# Fur type and facial furnishing



## scockapoo (Jun 26, 2020)

Hi! I was wondering what coat type my 6 week old cockapoo is going to have and whether he is going to have an "open face" (not the traditional teddy bear look). As of now he does not have the typical facial furnishing but the rest of his body has a lot of fur. He is an f1 pup  My family is so so excited to bring him home in about a week!
























he is the cream color pup in the bottom photo. You can see that his nose does not have much fur at all.


----------



## Sbmpw (Jul 16, 2019)

Difficult to say. Mine has the teddy bear face. 6 weeks and 9 months


----------



## Dig (Dec 27, 2018)

Our Digby had more of the poodle look as a pup, but had a very bare face to start off with, but gradually developed the fuzzy grass catcher look.
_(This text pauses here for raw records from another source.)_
(* Let $n\in\mathbb{R}$, let $\Omega_1\in\mathbb{R}[x]$ be a nonzero polynomial of degree at most $2$, let $L\in\mathbb{R}[x]$ have degree at most $1$, and let $I$ be an open interval on which $\Omega_1$ has no zeros. Consider the quadratic system $$\dot x=\Omega_1(x),\qquad \dot y=(2n+1)L'(x)\Omega_1(x)-\frac{n(n+1)}{2}\Omega_1(x)\Omega_1''(x)-L(x)^2+y^2,$$ and the linear equation $$\Omega_1(x)w''+(\Omega_1'(x)-2L(x))w'+\frac n2\left(4L'(x)-(n+1)\Omega_1''(x)\right)w=0.\qquad( * )$$ (i) For every solution $p\in C^2(I)$ of $( * )$, the function $f_p(x,y)=p(x)\,y+\Omega_1(x)p'(x)-L(x)p(x)$ satisfies $\Omega_1\,\partial_xf_p+\dot y\,\partial_yf_p=(y+L(x))\,f_p$ on $I\times\mathbb{R}$ (here $\dot y$ denotes the right-hand side of the second equation). (ii) If $\{p_1,p_2\}$ is a fundamental system of solutions of $( * )$ on $I$, then $H=f_{p_1}/f_{p_2}$ is a first integral of the system on the open set $\{(x,y)\in I\times\mathbb{R}: f_{p_2}(x,y)\neq0\}$.
   Context: A first integral of the planar system $\dot x=P,\dot y=Q$ on an open set $U$ is a $C^1$ function $H$ with $P\partial_xH+Q\partial_yH=0$ on $U$ which is not constant on any nonempty open subset of $U$. *)

From Stdlib Require Import Reals.
From Coquelicot Require Import Coquelicot.
Open Scope R_scope.

Definition poly2 (c2 c1 c0 : R) (x : R) : R := c2 * x ^ 2 + c1 * x + c0.
Definition poly1 (l1 l0 : R) (x : R) : R := l1 * x + l0.

Definition in_interval (a b : Rbar) (x : R) : Prop := Rbar_lt a x /\ Rbar_lt x b.

Definition ydot (n : R) (Om L : R -> R) (x y : R) : R :=
  (2 * n + 1) * Derive L x * Om x
  - n * (n + 1) / 2 * Om x * Derive (Derive Om) x
  - (L x) ^ 2 + y ^ 2.

Definition is_C2_solution (n : R) (Om L : R -> R) (a b : Rbar) (p : R -> R) : Prop :=
  forall x, in_interval a b x ->
    ex_derive p x /\ ex_derive (Derive p) x /\ continuous (Derive (Derive p)) x /\
    Om x * Derive (Derive p) x + (Derive Om x - 2 * L x) * Derive p x
    + n / 2 * (4 * Derive L x - (n + 1) * Derive (Derive Om) x) * p x = 0.

Definition fundamental_system (n : R) (Om L : R -> R) (a b : Rbar) (p1 p2 : R -> R) : Prop :=
  is_C2_solution n Om L a b p1 /\ is_C2_solution n Om L a b p2 /\
  forall c1 c2 : R, (forall x, in_interval a b x -> c1 * p1 x + c2 * p2 x = 0) ->
    c1 = 0 /\ c2 = 0.

Definition f_p (Om L p : R -> R) (x y : R) : R :=
  p x * y + Om x * Derive p x - L x * p x.

Definition dx (F : R -> R -> R) (x y : R) : R := Derive (fun t => F t y) x.
Definition dy (F : R -> R -> R) (x y : R) : R := Derive (fun t => F x t) y.

Definition open2 (V : R -> R -> Prop) : Prop :=
  forall x y, V x y -> exists eps : posreal, forall u v,
    Rabs (u - x) < eps -> Rabs (v - y) < eps -> V u v.

Definition first_integral (P Q H : R -> R -> R) (U : R -> R -> Prop) : Prop :=
  (forall x y, U x y ->
     ex_derive (fun t => H t y) x /\ ex_derive (fun t => H x t) y /\
     continuity_2d_pt (dx H) x y /\ continuity_2d_pt (dy H) x y /\
     P x y * dx H x y + Q x y * dy H x y = 0) /\
  (forall V : R -> R -> Prop, open2 V -> (exists x y, V x y) ->
     (forall x y, V x y -> U x y) ->
     exists x1 y1 x2 y2, V x1 y1 /\ V x2 y2 /\ H x1 y1 <> H x2 y2).

From Stdlib Require Import Reals Lra Psatz Classical.
From Coquelicot Require Import Coquelicot.
Open Scope R_scope.

(* [f_p] is a Darboux function of the Riccati field with cofactor [y + L]: the field applied
   to [f_p] equals [(y + L) f_p] plus [Om] times the left-hand side of the linear equation,
   which vanishes for solutions. Two Darboux functions with a common cofactor have a quotient
   annihilated by the field. If [f_p1 / f_p2] were a constant [k] on an open set then, [f_p]
   being affine in [y] with slope [p], [p1 - k p2] would vanish on an interval together with
   its derivative; by uniqueness for the linear equation (a Gronwall estimate for
   [q^2 + q'^2], possible since [Om] has no zeros) it would vanish on the whole interval,
   contradicting the independence of [p1] and [p2]. *)

Lemma continuous_ex_derive (f : R -> R) (x : R) : ex_derive f x -> continuous f x.
Proof. exact (@ex_derive_continuous R_AbsRing R_NormedModule f x). Qed.

Lemma is_derive_Rmult (f g : R -> R) (x df dg : R) :
  is_derive f x df -> is_derive g x dg ->
  is_derive (fun t => f t * g t) x (df * g x + f x * dg).
Proof. intros Hf Hg. apply (is_derive_mult f g); auto. intros; apply Rmult_comm. Qed.

Lemma energy_derivative_bound (q q1 a b M : R) :
  Rabs a <= M -> Rabs b <= M ->
  Rabs (2 * q * q1 + 2 * q1 * (a * q1 + b * q)) <= (1 + 3 * M) * (q * q + q1 * q1).
Proof.
  intros Ha Hb. apply Rabs_le_between in Ha. apply Rabs_le_between in Hb.
  assert (0 <= (q - q1) * (q - q1)) by apply Rle_0_sqr.
  assert (0 <= (q + q1) * (q + q1)) by apply Rle_0_sqr.
  assert (0 <= q1 * q1) by apply Rle_0_sqr.
  apply Rabs_le. split; nra.
Qed.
These pictures are 9 weeks and almost 2 years. He was probably about 6 months before it grew in properly.


----------



## Dig (Dec 27, 2018)

Whoops think I went a bit wonky with the photos 😀


----------



## scockapoo (Jun 26, 2020)

Dig said:


> Our Digby had more of the poodle look as a pup, but had a very bare face to start off with, but gradually developed the fuzzy grass catcher look. These pictures are 9 weeks and almost 2 years. He was probably about 6 months before it grew in properly.
> View attachment 130740
> View attachment 130740
> View attachment 130741
> ...


He's sweet! Love his facial hair


----------



## ReichertCaleb (Jun 26, 2020)

Your dog is really cute.


----------